Variables (K : fieldType) (v : K -> option G).
Hypothesis valv : valuation le v.
Variables (s c2 c3 t : K).
Hypotheses (vs : v s = Some g) (vc2 : v c2 = Some kappa) (vc3 : v c3 = Some tau).
Hypothesis vt : v t = Some d.
Local Notation O x := (in_val_ring le v x).
Local Notation "a <=oo b" := (le_inf le a b) (at level 70).
Local Notation "a <oo b" := (lt_inf le a b) (at level 70).
Local Notation P := (Peval n s c2 c3).

Lemma zero_exprn : (0 : K) ^+ n = 0.
Proof. by rewrite expr0n eqn0Ngt n_gt0. Qed.

Lemma val_monomials a b x :
  v a = Some x -> v b = Some (g - x) ->
  (lt (N x) g -> v (a ^+ n + c2 * b ^+ n) = Some (N x)) /\
  (lt g (N x) -> v (a ^+ n + c2 * b ^+ n) = Some (kappa + N (g - x))).
Proof.
move=> va vb; have vaN := valX valv n va.
have vbN : v (c2 * b ^+ n) = Some (kappa + N (g - x)).
  by rewrite (valM valv) vc2 (valX valv n vb).
split=> [lt_Nxg|lt_gNx].
- by rewrite (valD_ltl ordG valv) vaN // vbN; apply/lt_inf_Some/N_lt_kappa_curve.
- by rewrite (valD_ltr ordG valv) vbN // vaN; apply/lt_inf_Some/kappa_curve_lt_N.
Qed.

Lemma val_ring_Some x : O x -> x != 0 -> exists2 a, v x = Some a & le 0 a.
Proof. by move=> Ox /(val_Some valv) [a vx]; exists a; move: Ox; rewrite /in_val_ring vx. Qed.

Lemma Peval_curveE x : x != 0 -> P x (s / x) = x ^+ n + c2 * (s / x) ^+ n.
Proof.
by move=> x_neq0; rewrite /Peval [x * _]mulrC divfK // subrr zero_exprn mulr0 addr0.
Qed.

Lemma curve_point x a : x != 0 -> v x = Some a -> le 0 a -> le a g ->
  [/\ O x, O (s / x) & v (s / x) = Some (g - a)].
Proof.
move=> x_neq0 vx a_ge0 le_ag; have vsx := val_div valv x_neq0 vx vs.
by split; rewrite // /in_val_ring ?vx ?vsx //= -(og_subr_ge0 ordG).
Qed.

Lemma Peval_ref : v (P 1 s) = Some 0.
Proof.
have vs0 : v s = Some (g - 0) by rewrite subr0.
have [low _] := val_monomials (val1 valv) vs0.
by rewrite /Peval mul1r subrr zero_exprn mulr0 addr0 low; rewrite mul0rn.
Qed.

Lemma Peval_below a b : O a -> O b -> v (a * b) <oo Some g -> v (P a b) <oo Some 0.
Proof.
move=> Oa Ob lt_abg.
have /mulf_neq0_factors[a_neq0 b_neq0] : a * b != 0.
  by apply/eqP => ab0; apply: lt_abg; rewrite ab0 (val0 valv).
have [x vax x_ge0] := val_ring_Some Oa a_neq0.
have [y vby y_ge0] := val_ring_Some Ob b_neq0.
have vab : v (a * b) = Some (x + y) by rewrite (valM valv) vax vby.
have lt_xyg : lt (x + y) g by apply/lt_inf_Some; rewrite -vab.
have vabs : v (a * b - s) = Some (x + y).
  by rewrite (valD_ltl ordG valv) // (valN ordG valv) vs vab; apply/lt_inf_Some.
rewrite /Peval (valD3_ltr ordG valv) (valM valv) vc3 (valX valv n vabs) /=.
- exact/lt_inf_Some/tau_N_lt0.
- by rewrite (valX valv n vax); apply/lt_inf_Some/tau_N_lt_Nl.
- by rewrite (valM valv) vc2 (valX valv n vby); apply/lt_inf_Some/tau_N_lt_kappa_Nr.
Qed.

Lemma Ngap_lt_val_pow a : O a -> Some (- gap) <oo v (a ^+ n).
Proof.
have [->|a_neq0 Oa] := eqVneq a 0; first by rewrite zero_exprn (val0 valv) => _ [].
have [x vax x_ge0] := val_ring_Some Oa a_neq0.
by rewrite (valX valv n vax); apply/lt_inf_Some/Ngap_lt_N.
Qed.
Lemma Ngap_lt_val_c2pow b : O b -> Some (- gap) <oo v (c2 * b ^+ n).
Proof.
have [->|b_neq0 Ob] := eqVneq b 0; first by rewrite zero_exprn mulr0 (val0 valv) => _ [].
have [y vby y_ge0] := val_ring_Some Ob b_neq0.
by rewrite (valM valv) vc2 (valX valv n vby); apply/lt_inf_Some/Ngap_lt_kappa_N.
Qed.

Lemma Peval_above a b : O a -> O b -> Some g <oo v (a * b) -> v (P a b) <oo Some 0.
Proof.
move=> Oa Ob lt_gab.
have vabs : v (a * b - s) = Some g.
  by rewrite (valD_ltr ordG valv) (valN ordG valv) vs.
rewrite /Peval (valD3_ltr ordG valv) (valM valv) vc3 (valX valv n vabs) /= ?tau_addNg.
- exact/lt_inf_Some/Ngap_lt0.
- exact: Ngap_lt_val_pow.
- exact: Ngap_lt_val_c2pow.
Qed.

Lemma val_Peval_le a b r :
  v (a ^+ n + c2 * b ^+ n) = Some r -> (forall w, tau + N w <> r) ->
  v (P a b) <=oo Some r.
Proof.
move=> vm tau_neq; rewrite -vm /Peval; apply: (valD_neq_le ordG valv); rewrite vm.
have [->|e_neq0] := eqVneq (a * b - s) 0; first by rewrite zero_exprn mulr0 (val0 valv).
have [w vw] := val_Some valv e_neq0.
by rewrite (valM valv) vc3 (valX valv n vw) => -[/tau_neq].
Qed.

Lemma Peval_curve_below a b x : v a = Some x -> v b = Some (g - x) ->
  le 0 x -> lt (N x) g -> exists a' b', [/\ O a', O b' & v (P a b) <oo v (P a' b')].
Proof.
move=> vax vbx x_ge0 lt_Nxg.
have [xd_ge0 le_xdg lt_Nxdg lt_N] := step_up x_ge0 lt_Nxg.
have at_neq0 : a * t != 0.
  by rewrite mulf_neq0 ?(val_Some_neq0 valv vax) ?(val_Some_neq0 valv vt).
have vat : v (a * t) = Some (x + d) by rewrite (valM valv) vax vt.
have [Oat Osat vsat] := curve_point at_neq0 vat xd_ge0 le_xdg.
exists (a * t), (s / (a * t)); split=> //.
rewrite Peval_curveE // (proj1 (val_monomials vat vsat) lt_Nxdg).
apply: (le_lt_inf_trans ordG (val_Peval_le _ (fun w => @tau_N_neq_N w x))).
  exact: (proj1 (val_monomials vax vbx) lt_Nxg).
exact/lt_inf_Some.
Qed.

Lemma Peval_curve_above a b x : v a = Some x -> v b = Some (g - x) ->
  le 0 x -> le x g -> lt g (N x) -> exists a' b', [/\ O a', O b' & v (P a b) <oo v (P a' b')].
Proof.
move=> vax vbx x_ge0 le_xg lt_gNx.
have [xd_ge0 le_xdx lt_gNxd lt_kappa] := step_down lt_gNx.
have t_neq0 := val_Some_neq0 valv vt.
have at_neq0 : a / t != 0 by rewrite mulf_neq0 ?invr_neq0 ?(val_Some_neq0 valv vax).
have vat : v (a / t) = Some (x - d) by apply: (val_div valv t_neq0 vt vax).
have [Oat Osat vsat] := curve_point at_neq0 vat xd_ge0 (og_le_trans ordG le_xdx le_xg).
exists (a / t), (s / (a / t)); split=> //.
rewrite Peval_curveE // (proj2 (val_monomials vat vsat) lt_gNxd).
apply: (le_lt_inf_trans ordG (val_Peval_le _ (fun w => @tau_N_neq_kappa_curve w x))).
  exact: (proj2 (val_monomials vax vbx) lt_gNx).
exact/lt_inf_Some.
Qed.

Lemma Peval_on_curve a b : O a -> O b -> v (a * b) = Some g ->
  exists a' b', [/\ O a', O b' & v (P a b) <oo v (P a' b')].
Proof.
move=> Oa Ob vab.
have /mulf_neq0_factors[a_neq0 b_neq0] := val_Some_neq0 valv vab.
have [x vax x_ge0] := val_ring_Some Oa a_neq0.
have [y vby y_ge0] := val_ring_Some Ob b_neq0.
have xyg : x + y = g by move: vab; rewrite (valM valv) vax vby => -[].
have vbx : v b = Some (g - x) by rewrite -xyg [x + y]addrC addrK.
have le_xg : le x g by rewrite (og_subr_ge0 ordG) -xyg [x + y]addrC addrK.
case: (og_lt_total ordG (@Ng_neq x)) => [lt_Nxg|lt_gNx].
- exact: Peval_curve_below vax vbx x_ge0 lt_Nxg.
- exact: Peval_curve_above vax vbx x_ge0 le_xg lt_gNx.
Qed.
+--
▶ [Assigned task]: In the listing above, find the line with "w => @tau_N_neq_kappa_curve w x)))." and the line with "have vbx : v", then print exactly those lines and every line between them.

▶ [Exercise output]:
apply: (le_lt_inf_trans ordG (val_Peval_le _ (fun w => @tau_N_neq_kappa_curve w x))).
  exact: (proj2 (val_monomials vax vbx) lt_gNx).
exact/lt_inf_Some.
Qed.

Lemma Peval_on_curve a b : O a -> O b -> v (a * b) = Some g ->
  exists a' b', [/\ O a', O b' & v (P a b) <oo v (P a' b')].
Proof.
move=> Oa Ob vab.
have /mulf_neq0_factors[a_neq0 b_neq0] := val_Some_neq0 valv vab.
have [x vax x_ge0] := val_ring_Some Oa a_neq0.
have [y vby y_ge0] := val_ring_Some Ob b_neq0.
have xyg : x + y = g by move: vab; rewrite (valM valv) vax vby => -[].
have vbx : v b = Some (g - x) by rewrite -xyg [x + y]addrC addrK.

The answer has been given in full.